Disclaimer : Ils sont à Tokita/Yadate/Tomino je les emprunte et j'essaye de ne pas les abîmer, en tout cas, ils ne se sont encore jamais plaints. Les autres personnages ne faisant pas partie de l'univers de GW sont ma propriété.

Genre : Policier/ Tranche de vie.

Lectrice 01 : Arlia Eien.

Acteurs : Duo, Quatre, Hilde, Catherine, Trowa, Heero, Relena

Note d'auteur : Début d'écriture mars 2009


Chapitre 2


Au bout de deux heures, Duo revient avec un homme d'une cinquantaine d'années, les cheveux grisonnants, les traits taillés au burin.

Hilde se trouve maintenant dans le hangar à laver un lot de petites voitures en métal. Elle les secoue dans la bassine remplie d'eau savonneuse. Elle a un vieux drap à côté d'elle pour les essuyer, il y a aussi une vieille brosse à dents pour récurer des endroits plus sales.

-« Si tu te mets en ménage, je comprends que tu veuilles agrandir. Explique-moi ce que tu veux faire ! » Dit l'homme en passant dans le hangar.

Maxwell reprend ses explications en donnant les détails.

-« J'aurais mis des poutres dans les murs porteurs pour créer des planchers, une trappe dans un coin et une échelle pour y accéder. »

-« C'est d'accord et tu voulais payer un loyer pour les deux ? » Questionne le propriétaire en montrant le hangar du doigt.

-« Non, juste pour le hangar. Je vous propose cinq cents crédits le mois, je suis en train d'en faire une surface commerciale. » Admet Duo en l'entraînant vers le hangar.

La maison est prise entre le hangar et la décharge, le tout entre deux voies de circulation.

-« Et rien pour la maison ? » S'étonne l'homme.

-« Je vous surveille la décharge la nuit et si je pars la maison a pris de la plus value. Elle fait trois pièces maintenant et elle a des commodités à la place d'un trou dans le sol. » Rappelle Maxwell.
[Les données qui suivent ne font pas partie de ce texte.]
(* Let $\mathcal{G}=(\mathcal{V},\mathcal{E})$ be an unweighted connected finite simple graph and let $u\in\mathcal{V}$ be dominated by some vertex $v\in\mathcal{V}$, $v\neq u$. Then for every $k\geq 1$, $$\widehat{PD}_k(\mathcal{G})=\widehat{PD}_k(\mathcal{G}-\{u\}).$$
   Context: $N(w)$ is the closed neighborhood of $w$ (the vertex together with its neighbors); $u$ is dominated by $v\ne u$ if $N(u)\subset N(v)$. $\mathcal{G}-\{u\}$ deletes $u$ and its incident edges. For $n\ge 1$, the $n$-th power $\mathcal{G}^{(n)}$ is the graph on $\mathcal{V}$ in which distinct vertices $x,y$ are adjacent iff their shortest-path distance $d(x,y)$ in $\mathcal{G}$ (each edge of length 1) is at most $n$. The power filtration is $K_0\subset K_1\subset K_2\subset\cdots\subset K_N$, where $K_0$ is the vertex set $\mathcal{V}$ (as a 0-dimensional complex), $K_n$ for $n\ge 1$ is the clique (flag) complex of $\mathcal{G}^{(n)}$, and $N$ is the diameter of $\mathcal{G}$. $\widehat{PD}_k(\mathcal{G})$ is the $k$-th persistence diagram (field coefficients) of this filtration. *)

From HB Require Import structures.
From mathcomp Require Import all_boot all_order all_algebra.
Set Implicit Arguments. Unset Strict Implicit. Unset Printing Implicit Defensive.
Import GRing.Theory.
Local Open Scope ring_scope.

Section PowerFiltration.
Variable V : finType.
(* the graph: a symmetric irreflexive relation e on the finite vertex type V *)
Variable e : rel V.

(* within n x y <=> d(x,y) <= n (there is a path of length <= n from x to y) *)
Fixpoint within (n : nat) (x y : V) : bool :=
  if n is m.+1 then within m x y || [exists z, within m x z && e z y]
  else x == y.

Definition graph_connected : Prop := forall x y : V, exists n, within n x y.

Definition cnbhd (w : V) : {set V} := [set y | (y == w) || e w y].

Definition dominated (u v : V) : bool := cnbhd u \subset cnbhd v.

(* diameter: least n with d(x,y) <= n for all x, y (distances are < #|V|) *)
Definition diameter : nat :=
  find (fun n => [forall x, forall y, within n x y]) (iota 0 #|V|.+1).

(* s is a k-simplex of K_n = clique complex of G^(n) (K_0 = vertex set) *)
Definition is_clique (n : nat) (s : {set V}) : bool :=
  [forall x in s, forall y in s, (x != y) ==> within n x y].
Definition simplex (n k : nat) (s : {set V}) : bool :=
  (#|s| == k.+1)%N && is_clique n s.

Variable F : fieldType.

(* chains: F-valued functions on finite subsets of V; simplices are oriented
   by the order of enum_rank *)
Definition chain := {ffun {set V} -> F^o}.

Definition elem_chain (s : {set V}) : chain := [ffun t : {set V} => ((t == s)%:R : F)].

Definition chain_sp (n k : nat) : {vspace chain} :=
  <<[seq elem_chain s | s <- enum [pred s | simplex n k s]]>>%VS.

Definition bsign (v : V) (t : {set V}) : F :=
  (-1) ^+ #|[set w in t | (enum_rank w < enum_rank v)%N]|.
(* Consider a finite-space SSP game (as in the context) satisfying the Finite-Space SSP Game Model Assumption, the Q-learning iterates $\{Q_t\}$, and the sequence $\{\hat Q_t\}$ defined in the context from an essentially proper policy $\bar\nu\in\Pi_{2,SR}$ of player II. If $\{\hat Q_t\}$ is bounded below with probability 1, then so is $\{Q_t\}$.
   Context: Finite-space game: $S=\{1,\dots,n\}$, $S_o=S\cup\{0\}$, $0$ absorbing cost-free termination state. At $i\in S$ players I and II have finite control sets $U(i),V(i)$; under $(u,v)$ the state moves to $j\in S_o$ w.p. $p_{ij}(u,v)$ with transition cost $\hat g(i,u,v,j)$ paid by player I to player II. $J(i;\pi_1,\pi_2)=\liminf_{t\to\infty}E_{\pi_1\pi_2}[\sum_{k=0}^t\hat g(i_k,u_k,v_k,i_{k+1})\mid i_0=i]$. $\bar U(i)=\mathcal P(U(i))$, $\bar V(i)=\mathcal P(V(i))$; $\Pi_{1,SR},\Pi_{2,SR}$ stationary randomized policies. Prolonging pair: for some initial state the termination state is with positive probability never reached. $\nu\in\Pi_{2,SR}$ is essentially proper if some $\mu\in\Pi_{1,SR}$ makes $(\mu,\nu)$ non-prolonging and every $\mu\in\Pi_{1,SR}$ with $(\mu,\nu)$ prolonging has $J(i;\mu,\nu)=+\infty$ for some $i$. Finite-Space SSP Game Model Assumption: (i) there is $\bar\mu\in\Pi_{1,SR}$ with $J(i;\bar\mu,\nu)<+\infty$ for all $\nu\in\Pi_{2,SR}$, all $i$; (ii) there is $\bar\nu\in\Pi_{2,SR}$ with $J(i;\mu,\bar\nu)>-\infty$ for all $\mu$, all $i$; (iii) every prolonging pair in $\Pi_{1,SR}\times\Pi_{2,SR}$ has $J(i;\mu,\nu)\in\{\pm\infty\}$ for some $i$. Under this assumption an essentially proper $\bar\nu\in\Pi_{2,SR}$ exists; fix one and write $\bar\nu_s=\bar\nu(\cdot\mid s)$ (with $\bar\nu_0$ the point mass at $0$). Q-learning: $R=\{(i,u,v)\}$, $U(0)=V(0)=\{0\}$, vectors indexed by $R\cup\{(0,0,0)\}$ with value $0$ at $(0,0,0)$; $\underline Q(s,\rho,\sigma)=\sum_{\tilde u,\tilde v}\rho(\tilde u)\sigma(\tilde v)Q(s,\tilde u,\tilde v)$. Given random variables (on a common probability space) $Q_0$, stepsizes $\gamma_{t,\ell}\in[0,1]$, delays $0\le\tau_{\ell\tilde\ell}(t)\le t$, successors $j_t^\ell\in S_o$ ($\ell,\tilde\ell\in R$, $t\ge0$), the Q-learning iterates are $Q_{t+1}(i,u,v)=(1-\gamma_{t,\ell})Q_t(i,u,v)+\gamma_{t,\ell}(\hat g(i,u,v,s)+\inf_{\rho\in\bar U(s)}\sup_{\sigma\in\bar V(s)}\underline Q^{(\ell)}_t(s,\rho,\sigma))$ with $\ell=(i,u,v)$, $s=j_t^\ell$, $Q^{(\ell)}_t(\tilde\ell)=Q_{\tau_{\ell\tilde\ell}(t)}(\tilde\ell)$. The sequence $\{\hat Q_t\}$ uses the same random variables: $\hat Q_0=Q_0$ and $\hat Q_{t+1}(i,u,v)=(1-\gamma_{t,\ell})\hat Q_t(i,u,v)+\gamma_{t,\ell}(\hat g(i,u,v,s)+\inf_{\rho\in\bar U(s)}\underline{\hat Q}^{(\ell)}_t(s,\rho,\bar\nu_s))$, where $\hat Q^{(\ell)}_t(\tilde\ell)=\hat Q_{\tau_{\ell\tilde\ell}(t)}(\tilde\ell)$. *)

From HB Require Import structures.
From mathcomp Require Import all_boot all_order all_algebra.
From mathcomp Require Import all_classical all_reals all_analysis.
Set Implicit Arguments. Unset Strict Implicit. Unset Printing Implicit Defensive.
Import Order.TTheory GRing.Theory Num.Theory.
Local Open Scope ring_scope.

(* States S_o = 'I_n.+1, where ord0 is the termination state 0 and
   S = {1,...,n} are the nonzero ordinals.  Controls of player I (resp. II)
   live in a finite "universe" type U (resp. V); the control set at state i
   is the finite set Uset i (resp. Vset i). *)

Section Game.
Variables (R : realType) (n : nat) (U V : finType).
Notation state := 'I_n.+1.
-« Fais-moi une quatrième pièce et on est d'accord. Il y aura cinq pour cent d'augmentation par an pour le loyer du hangar. » Lâche le propriétaire en tendant la main pour sceller l'accord.

-« Un pour cent d'augmentation et les étagères ainsi que les travaux dans le hangar pour le transformer en magasin, je les laisse si je pars. Je propose un préavis d'un an pour l'un comme pour l'autre. » Répond Duo en reproduisant le geste de l'homme.

Le propriétaire réfléchit une bonne trentaine de secondes avant de serrer la main du brocanteur.

-« Je vous fais les papiers d'accord en double exemplaires et nous les signerons. » Dit Duo en lâchant la main de l'homme.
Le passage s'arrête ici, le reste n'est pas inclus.